My heart skipped a beat when I wound up with two butternut squash recipes, but the coincidence illustrates how the best chefs plan their menus around the most flavorful seasonal ingredients: think lots of butternut squash and bacon augmented by such fall flavor enhancers as butter, brown sugar and brandy.

Despite many of the same raw ingredients, the variations were strikingly different. Jennifer Maloney of the Kemper Museum’s Café Sebastienne created a brilliant savory crisp with a panko-blue cheese topping. Todd Schulte, owner of the homemade soup company Uncommon Stock in the Columbus Park neighborhood, created a silky and satisfying butternut squash soup with a dollop of I-want-to-scream-this-is-so-good apple-bacon marmalade casually swirled in as garnish.

Still on the subject of bacon, Howard Hanna of downtown’s the Rieger Hotel Grill & Exchange, solved the sawdusty turkey breast dilemma by first brining the bird, then blanketing the breast with bacon. (Sounds complicated, but it’s not.) The bacon keeps the breast moist, while adding a smoky flavor.

Unsure whether he would insist on stuffing the bird, I also assigned the stuffing/dressing to Hanna. (For food safety reasons he volunteered to cook it outside the bird.)

By then I realized I had forgotten to assign someone the gravy. Ted Habiger of Room 39 (on 39th Street) to the rescue. For his intensely local take on mashed potatoes, he folded a medley of earthy mushrooms into the mash and ladled a smooth, blond gravy highlighting the native chestnut over the top.

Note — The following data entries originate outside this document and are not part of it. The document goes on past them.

(* [y'] lies in the cell of [s ord0] only. *)
Lemma dist_s0_y_lt j : j != ord0 ->
  d (s ord0) y < d (s j) y + (if s j \in A then 0 else eps).
Proof.
move=> j0; have := @nearest_lt _ _ (fun j => d' (Some (s j)) None) ord0 j.
rewrite !d'E /= !eqb_id s0_in_A addr0; apply.
  by apply/mem_U'; rewrite mem_exp_U_None.
by move/mem_U'; rewrite mem_exp_U_None (negbTE j0).
Qed.

Section SecondCellOfY.
Variable m : 'I_k.+1.
Hypotheses (m_neq0 : m != ord0) (y_in_U0 : y \in U ord0) (y_in_Um : y \in U m).

Lemma nearest_y_sm : nearest (fun j => d' (Some (s j)) (Some y)) m.
Proof. by apply/mem_U'; rewrite mem_exp_U_Some y_in_Um (negbTE m_neq0). Qed.

Lemma sm_notin_A : s m \notin A.
Proof.
apply/negP => smA; have := nearest_y_sm ord0; have := dist_s0_y_lt m_neq0.
by rewrite !d'E /= smA s0_in_A (negbTE yA) /=; lra.
Qed.

Lemma s_eq_dist_y : d (s ord0) y = d (s m) y.
Proof.
have := nearest_y_sm ord0; have := dist_s0_y_lt m_neq0.
rewrite !d'E /= (negbTE sm_notin_A) s0_in_A (negbTE yA) /= addr0 => lt0m lem0.
apply/le_anti/andP; split.
  by apply: (dist_le_of_lt_res eps_res y_in_U0 y_in_Um (s_in_S ord0) (s_in_S m)); lra.
by apply: (dist_le_of_lt_res eps_res y_in_Um y_in_U0 (s_in_S m) (s_in_S ord0)); lra.
Qed.

Lemma s0_nearest_y : nearest (fun j => d (s j) y) ord0.
Proof.
move=> j; have [jA|jA] := boolP (s j \in A).
  have [-> //|j0] := eqVneq j ord0.
  by have := dist_s0_y_lt j0; rewrite jA addr0 => /ltW.
have := nearest_y_sm j; rewrite !d'E /= (negbTE sm_notin_A) (negbTE jA) (negbTE yA) /=.
by rewrite !addr0 s_eq_dist_y.
Qed.

Lemma sg_eq_dist_y : d (sg ord0) y = d (sg m) y.
Proof. by apply/le_anti/andP; split; [move/mem_U: y_in_U0 | move/mem_U: y_in_Um]. Qed.

Lemma nearest0_outside (t : 'I_k.+1 -> V) z :
  t ord0 \in A -> d (t ord0) y = d (t m) y -> z \notin A ->
  nearest (fun j => d (t j) z) ord0 <->
  nearest (fun j => d (t j) z) m /\ between e w (t m) y z.
Proof.
move=> t0A t0m zA; have t0z : d (t ord0) z = d (t m) y + d y z by rewrite -t0m dist_via_y.
split=> [near0 | [nearm /eqP tmz] j].
  have tmz : d (t m) z = d (t ord0) z by apply/le_anti; rewrite near0 t0z dtri.
  by split; [move=> j; rewrite tmz; apply: near0 | rewrite /between tmz t0z].
by rewrite t0z -tmz; apply: nearm.
Qed.

Lemma nbetween_sgm_sm : ~~ between e w (sg m) y (s m).
Proof.
have smW : s m \in Wset U m by apply: (fintype.subsetP (S_sub_W m)); apply: s_in_S.
have smU0 : s m \notin U ord0 by apply: Wset_notin smW _; rewrite eq_sym.
apply: contra smU0 => btw; apply/mem_U.
apply/(nearest0_outside sg0_in_A sg_eq_dist_y sm_notin_A); split=> //.
by apply/mem_U; case/setDP: smW.
Qed.

Lemma between_sm_sgm z : between e w (s m) y z = between e w (sg m) y z.
Proof.
have nb : ~~ between e w (s m) y (sg m) by rewrite between_sym // nbetween_sgm_sm.
by apply/idP/idP; apply: contraLR => nbz; [apply: nbetween_trans nbetween_sgm_sm nbz |
  apply: nbetween_trans nb nbz].
Qed.

Lemma s0_closer_inside j z : z \in A -> s j \notin A -> d (s ord0) z < d (s j) z.
Proof.
move=> zA jA; have := nbetween_comp e_tree w_len exy s0_in_A zA.
rewrite -ltNbetween // (dsym (s j) z) (dist_via_y zA jA) (dsym z y) (dsym y (s j)).
by have := s0_nearest_y j; lra.
Qed.

Lemma dist_sm_le z : d (s m) z <= d (s ord0) y + d y z.
Proof. by rewrite s_eq_dist_y dtri. Qed.

Lemma cell_inside i z : z \in A -> z \in U i <-> nearest (fun j => d (s j) z) i.
Proof.
move=> zA; have -> : (z \in U i) = (Some z \in U' i).
  by rewrite mem_exp_U_Some zA implybT andbT.
have near_eq : nearest (fun j => d (s j) z) i <->
               nearest (fun j => d' (Some (s j)) (Some z)) i.
  apply: (nearest_perturb (P := fun j => s j \in A) (j0 := ord0)).
  - by move=> j; apply: le_d'.
  - by move=> j jA; rewrite d'E /= jA zA /= addr0.
  - exact: s0_in_A.
  - by move=> j /(s0_closer_inside zA) /ltW.
  - exact: s0_closer_inside zA.
by split=> [/mem_U'/near_eq | /near_eq/mem_U'].
Qed.

Lemma cell_outside i z : z \notin A -> i != ord0 ->
  z \in U i <-> nearest (fun j => d (s j) z) i.
Proof.
move=> zA i0; have -> : (z \in U i) = (Some z \in U' i).
  by rewrite mem_exp_U_Some (negbTE i0) andbT.
have near_eq : nearest (fun j => d (s j) z) i <->
               nearest (fun j => d' (Some (s j)) (Some z)) i.
  apply: (nearest_perturb (P := fun j => s j \notin A) (j0 := m)).
  - by move=> j; apply: le_d'.
  - by move=> j jA; rewrite d'E /= (negbTE jA) (negbTE zA) /= addr0.
  - exact: sm_notin_A.
  - move=> j; rewrite negbK => jA; rewrite (dist_via_y jA zA).
    by have := dist_sm_le z; have := s0_nearest_y j; lra.
  - rewrite negbK => iA; rewrite (dist_via_y iA zA).
    by have := dist_sm_le z; have := dist_s0_y_lt i0; rewrite iA; lra.
by split=> [/mem_U'/near_eq | /near_eq/mem_U'].
Qed.

Lemma cell_outside0 z : z \notin A -> z \in U ord0 <-> nearest (fun j => d (s j) z) ord0.
Proof.
move=> zA; have s_tie := nearest0_outside s0_in_A s_eq_dist_y zA.
have sg_tie := nearest0_outside sg0_in_A sg_eq_dist_y zA.
split=> [/mem_U/sg_tie [/mem_U zUm btw] | /s_tie [/(cell_outside zA m_neq0) zUm btw]].
  by apply/s_tie; split; [apply/(cell_outside zA m_neq0) | rewrite between_sm_sgm].
by apply/mem_U/sg_tie; split; [apply/mem_U | rewrite -between_sm_sgm].
Qed.

Lemma s_solution : is_solution e w U S s.
Proof.
move=> i; split; first exact: s_in_S.
apply/setP => z; suff key : z \in U i <-> nearest (fun j => d (s j) z) i.
  by apply/idP/cellP => /key.
have [zA|zA] := boolP (z \in A); first exact: cell_inside.
by have [->|i0] := eqVneq i ord0; [apply: cell_outside0 | apply: cell_outside].
Qed.

End SecondCellOfY.
End Solution.

Unset Implicit Arguments. Set Strict Implicit.

Theorem lemma17 (R : realType) (V : finType) (e : rel V) (w : V -> V -> R)
    (k : nat) (U S : 'I_k.+1 -> {set V}) (x y : V) (eps : R) :
  is_tree e -> edge_lengths e w ->
  \bigcup_(i < k.+1) U i = [set: V] ->
  (forall i, S i \subset Wset U i) ->
  e x y -> x \in Wset U ord0 -> y \in U ord0 :\: Wset U ord0 ->
  0 < eps -> (eps%:E < res e w U S)%E ->
  (exists s, is_solution e w U S s) ->
  forall s' : 'I_k.+1 -> option V,
    is_solution (exp_rel e x y) (exp_len w x y eps) (exp_U e U x y) (exp_S S) s' ->
    exists s : 'I_k.+1 -> V,
      (forall i, s' i = Some (s i)) /\ is_solution e w U S s.
Proof.
move=> e_tree w_len _ S_sub_W exy _ /setDP [y_in_U0 y_notin_W0] eps_gt0 eps_res
  [sg sg_sol] s' s'_sol.
have [s s'E] : exists s, forall i, s' i = Some (s i).
  by exists (fun i => odflt x (s' i)) => i; case/imsetP: (s'_sol i).1 => v _ ->.
rewrite (funext s'E) in s'_sol.
have [m m_neq0 y_in_Um] := not_Wset y_in_U0 y_notin_W0.
exists s; split=> //.
exact: (s_solution e_tree w_len exy eps_gt0 S_sub_W eps_res sg_sol s'_sol m_neq0 y_in_U0 y_in_Um).
Qed.
(* There exists an absolute constant $C_1>0$ such that for every $\delta_0>0$ the following holds: if $\|\mathcal T-\mathcal S\|_{\mathrm{op}}<\delta_0$ and $x\in\mathbb C^n$ satisfies $\|\nabla g(x^+)\|\ge C_1\delta_0 c\,(\|x\|+\|x^\natural\|)^3$, then $\nabla f(x^+)\neq0$.
   Context: Let $n,m\ge 1$, $a_1,\dots,a_m\in\mathbb C^n$ and $x^\natural\in\mathbb C^n$ with $x^\natural\neq0$. For $a,b\in\mathbb C^n$ write $\langle a,b\rangle=\sum_{j}a_j\overline{b_j}$ and let $\|\cdot\|$ be the Euclidean norm. Let $y_i=|\langle a_i,x^\natural\rangle|^2$. For $v\in\mathbb C^n$ put $v^+=(\mathrm{Re}\,v,\mathrm{Im}\,v)\in\mathbb R^{2n}$ and $v^-=(-\mathrm{Im}\,v,\mathrm{Re}\,v)$; $x$ and $x^+$ always correspond. Define $f:\mathbb R^{2n}\to\mathbb R$ by $f(x^+)=\sum_{i=1}^m\big(|\langle a_i,x\rangle|^2-y_i\big)^2$. Fix $\sigma>0$ (in the paper, $\sigma^2=\mathrm{Var}((a_i^+)_1)$ for random measurement vectors), set $c=m\sigma^4$, and define $g:\mathbb R^{2n}\to\mathbb R$ by $g(x^+)=8c\left(\|x\|^4+\|x^\natural\|^4-|\langle x,x^\natural\rangle|^2-\|x\|^2\|x^\natural\|^2\right)$. Gradients are with respect to $x^+\in\mathbb R^{2n}$. Define the order-4 tensors on $\mathbb R^{2n}$: $\mathcal T=\frac1c\sum_{i=1}^m(a_i^+)^{\otimes 4}$ and $\mathcal S_{i_1i_2i_3i_4}=\mathbf 1_{i_1=i_2,\,i_3=i_4}+\mathbf 1_{i_1=i_3,\,i_2=i_4}+\mathbf 1_{i_1=i_4,\,i_2=i_3}$, and $\|\mathcal R\|_{\mathrm{op}}=\sup\{\langle \mathcal R,u_1\otimes u_2\otimes u_3\otimes u_4\rangle:\ u_j\in\mathbb R^{2n},\ \|u_1\|\|u_2\|\|u_3\|\|u_4\|=1\}$ (tensor inner product = sum of entrywise products). *)

From HB Require Import structures.
From mathcomp Require Import all_boot all_order all_algebra.
From mathcomp Require Import all_classical all_reals all_analysis.
From mathcomp Require Import complex.
Set Implicit Arguments. Unset Strict Implicit. Unset Printing Implicit Defensive.
Import Order.TTheory GRing.Theory Num.Theory.
Import numFieldNormedType.Exports.
Local Open Scope ring_scope.
Local Open Scope classical_set_scope.

Section PhaseRetrieval.
Variable R : realType.

Definition cvec (n : nat) := 'rV[R[i]]_n.

Definition cinner n (a b : cvec n) : R[i] := \sum_(j < n) a 0 j * conjc (b 0 j).

Definition cabs (z : R[i]) : R := Num.sqrt ((@complex.Re R z) ^+ 2 + (@complex.Im R z) ^+ 2).

Definition cnorm n (x : cvec n) : R := Num.sqrt (\sum_(j < n) cabs (x 0 j) ^+ 2).

Definition enorm N (v : 'rV[R]_N) : R := Num.sqrt (\sum_(j < N) v 0 j ^+ 2).

Definition vplus n (v : cvec n) : 'rV[R]_(n + n) :=
  row_mx (\row_(j < n) @complex.Re R (v 0 j)) (\row_(j < n) @complex.Im R (v 0 j)).

Definition vofplus n (u : 'rV[R]_(n + n)) : cvec n :=
  \row_(j < n) Complex (lsubmx u 0 j) (rsubmx u 0 j).

Definition ymeas n m (a : 'I_m -> cvec n) (xnat : cvec n) (i : 'I_m) : R :=
  cabs (cinner (a i) xnat) ^+ 2.

Definition fobj n m (a : 'I_m -> cvec n) (xnat : cvec n) (u : 'rV[R]_(n + n)) : R :=
  \sum_(i < m) (cabs (cinner (a i) (vofplus u)) ^+ 2 - ymeas a xnat i) ^+ 2.

Definition cconst (m : nat) (sigma : R) : R := m%:R * sigma ^+ 4.

Definition gobj n (m : nat) (sigma : R) (xnat : cvec n) (u : 'rV[R]_(n + n)) : R :=
  let x := vofplus u in
  8 * cconst m sigma * (cnorm x ^+ 4 + cnorm xnat ^+ 4
     - cabs (cinner x xnat) ^+ 2 - cnorm x ^+ 2 * cnorm xnat ^+ 2).

Definition grad N (F : 'rV[R]_N -> R) (u : 'rV[R]_N) : 'rV[R]_N :=
  \row_(j < N) ('D_(delta_mx 0 j) F u).

Definition tensor4 N := 'I_N -> 'I_N -> 'I_N -> 'I_N -> R.

Definition tsub N (A B : tensor4 N) : tensor4 N :=
  fun i1 i2 i3 i4 => A i1 i2 i3 i4 - B i1 i2 i3 i4.

Definition tensT n m (a : 'I_m -> cvec n) (sigma : R) : tensor4 (n + n) :=
  fun i1 i2 i3 i4 => (cconst m sigma)^-1 *
    \sum_(i < m) (vplus (a i) 0 i1 * vplus (a i) 0 i2 * vplus (a i) 0 i3 * vplus (a i) 0 i4).

Definition tensS N : tensor4 N :=
  fun i1 i2 i3 i4 =>
    ((i1 == i2) && (i3 == i4))%:R + ((i1 == i3) && (i2 == i4))%:R
    + ((i1 == i4) && (i2 == i3))%:R.

Definition tpair N (A : tensor4 N) (u1 u2 u3 u4 : 'rV[R]_N) : R :=
  \sum_(i1 < N) \sum_(i2 < N) \sum_(i3 < N) \sum_(i4 < N)
     A i1 i2 i3 i4 * u1 0 i1 * u2 0 i2 * u3 0 i3 * u4 0 i4.

Definition opnorm N (A : tensor4 N) : R :=
  sup [set t : R | exists u1 u2 u3 u4 : 'rV[R]_N,
         enorm u1 * enorm u2 * enorm u3 * enorm u4 = 1 /\ t = tpair A u1 u2 u3 u4].

End PhaseRetrieval.

From HB Require Import structures.
From mathcomp Require Import all_boot all_order all_algebra.
From mathcomp Require Import all_classical all_reals all_analysis.
From mathcomp Require Import complex.
From mathcomp Require Import ring lra.
Import Order.TTheory GRing.Theory Num.Theory.
Import numFieldNormedType.Exports.
Local Open Scope ring_scope.
Local Open Scope classical_set_scope.
Set Implicit Arguments. Unset Strict Implicit.
(* Both factors of f = contract c \o raise stay inside the fibres of xi because xi is
   constant on [c, j]. *)
Lemma dsim_deflation_id (f : dmor X X) :
  fibrewise (dmap f) -> (forall i, dmap f i <= i) -> dsim f (dmor_id X).
Proof.
have [n] := ubnP (defect (dmap f)); elim: n f => // n IHn f lt_defect xi_f f_le.
case: (pickP (fun i => dmap f i < i)) => [i0 moved_i0 | fixed] /=; last first.
  suff -> : f = dmor_id X by exact: dsim_refl.
  apply/dmor_ext/ordmap_ext => i /=; apply/eqP; rewrite eqn_leq f_le.
  by have /negbT := fixed i; rewrite -leqNgt.
have [j moved_j j_max] :=
  @arg_maxnP _ i0 (fun i => dmap f i < i) (fun i => i) moved_i0.
have fixed_above (i : 'I_(sdim X).+1) : j < i -> dmap f i = i :> nat.
  move=> lt_ji; apply/eqP; rewrite eqn_leq f_le leqNgt; apply/negP => moved_i.
  by have := j_max i moved_i; rewrite /= leqNgt lt_ji.
set c := dmap f j.
have xi_between (u : 'I_(sdim X).+1) : c <= u <= j -> dmap xi u = dmap xi j.
  by move=> cuj; apply: omono_squeeze cuj (xi_f j).
have [g gE] := raise_ordmap moved_j fixed_above.
have lt_c : c < sdim X by apply: leq_trans moved_j (leq_ord j).
have [h hE] := mono_ordmap (fun i : 'I_(sdim X).+1 => contract c i)
  (fun i => contract_le c (leq_ord i)) (fun i k => @contract_mono c i k).
have xi_g : fibrewise g.
  move=> i; case: (eqVneq i j) => [-> | ne_ij].
    by apply: xi_between; rewrite (gE j) /raise_fun eqxx leqnSn moved_j.
  rewrite -(xi_f i); congr (dmap xi _).
  by apply: ord_inj; rewrite gE /raise_fun (negbTE ne_ij).
have xi_h : fibrewise h.
  move=> i; case: (eqVneq (i : nat) c.+1) => [ic | nic]; last first.
    by congr (dmap xi _); apply: ord_inj; rewrite hE /contract (negbTE nic).
  have hi : h i = c :> nat by rewrite hE /contract ic eqxx.
  by rewrite !xi_between // ?hi ?ic ?leqnn ?leqnSn ?moved_j ?(ltnW moved_j).
have -> : f = dmor_comp (DMor (fcomp_fibrewise xi_h)) (DMor (fcomp_fibrewise xi_g)).
  by apply/dmor_ext/ordmap_ext => i /=; rewrite hE gE contract_raise.
have -> : dmor_id X = dmor_comp (dmor_id X) (dmor_id X) by apply/dmor_ext/ordmap_ext.
apply: dsim_comp; last by apply: (dsim_contraction_id lt_c); exact: hE.
apply: IHn => // [|i]; first by have := defect_raise moved_j gE; rewrite /=; lia.
rewrite gE /raise_fun; case: eqP => [-> | _] //; exact: f_le.
Qed.

End Deflation.

Lemma least_section p q (f : ordmap p q) : (forall j, exists i, f i = j) ->
  exists2 s : ordmap q p, (forall j, f (s j) = j) & (forall i, s (f i) <= i).
Proof.
move=> f_surj.
have ex_preim j : exists n, (n < p.+1) && (f (inord n) == j).
  by have [i <-] := f_surj j; exists i; rewrite ltn_ord inord_val eqxx.
pose m j := ex_minn (ex_preim j).
have m_lt j : m j < p.+1 by rewrite /m; case: ex_minnP => n /andP[].
have m_preim j : f (inord (m j)) = j by rewrite /m; case: ex_minnP => n /andP[_ /eqP].
have m_min j (i : 'I_p.+1) : f i = j -> m j <= i.
  rewrite /m; case: ex_minnP => n _ n_min fi.
  by apply: n_min; rewrite ltn_ord inord_val fi eqxx.
have m_mono (j j' : 'I_q.+1) : j <= j' -> m j <= m j'.
  move=> le_jj'; rewrite leqNgt; apply/negP => lt_m.
  have le_m : @inord p (m j') <= @inord p (m j) by rewrite !inordK ?m_lt // ltnW.
  have := omono f le_m; rewrite !m_preim => le_j'j.
  have ejj : j = j' by apply/ord_inj/eqP; rewrite eqn_leq le_jj'.
  by move: lt_m; rewrite ejj ltnn.
have [s sE] := mono_ordmap m m_lt m_mono.
exists s => [j | i]; last by rewrite sE; exact: m_min.
suff -> : s j = inord (m j) by exact: m_preim.
by apply: ord_inj; rewrite sE inordK.
Qed.

Theorem lemma17 (C : category) (X Y : simplex C) (xi : dmor X Y) :
  (forall j : 'I_(sdim Y).+1, exists i : 'I_(sdim X).+1, dmap xi i = j) ->
  quot_iso xi.
Proof.
move=> xi_surj; have [s xi_s s_xi] := least_section xi_surj.
have s_dmor : fcomp (sfun X) s = sfun Y.
  rewrite -(dmapP xi) fcomp_comp -[RHS]fcomp_id; congr fcomp.
  by apply: ordmap_ext => j /=; rewrite xi_s.
exists (DMor s_dmor); split.
  by apply: (@dsim_deflation_id _ _ _ xi) => i /=; rewrite ?xi_s ?s_xi.
suff -> : dmor_comp xi (DMor s_dmor) = dmor_id Y by exact: dsim_refl.
by apply/dmor_ext/ordmap_ext => j /=; rewrite xi_s.
Qed.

Fred Messner of Nature’s Choice Biodynamic Farm near St. Joseph had his son drop off a few pounds of his dark brown chestnuts, a nut that contains more starch and less oil than most other nuts, hence its propensity to explode when roasted. Now that I have your attention, Habiger shares tips to make sure the nuts quietly steam open.

Finally, it was time for pumpkin pie. After I told her how I always stress out over pie dough, Erin Brown of Dolce Baking Co. in Prairie Village suggested I try the bourbon-pumpkin tart that has become a must-have at her house throughout the holidays. The dough was forgiving, and the tart came out of the oven as beautiful to look at as it was scrumptious to eat.

I’m feeling reassured and ready to cook my family a feast they won’t soon forget. And all thanks to a little help from some of Kansas City’s best chefs.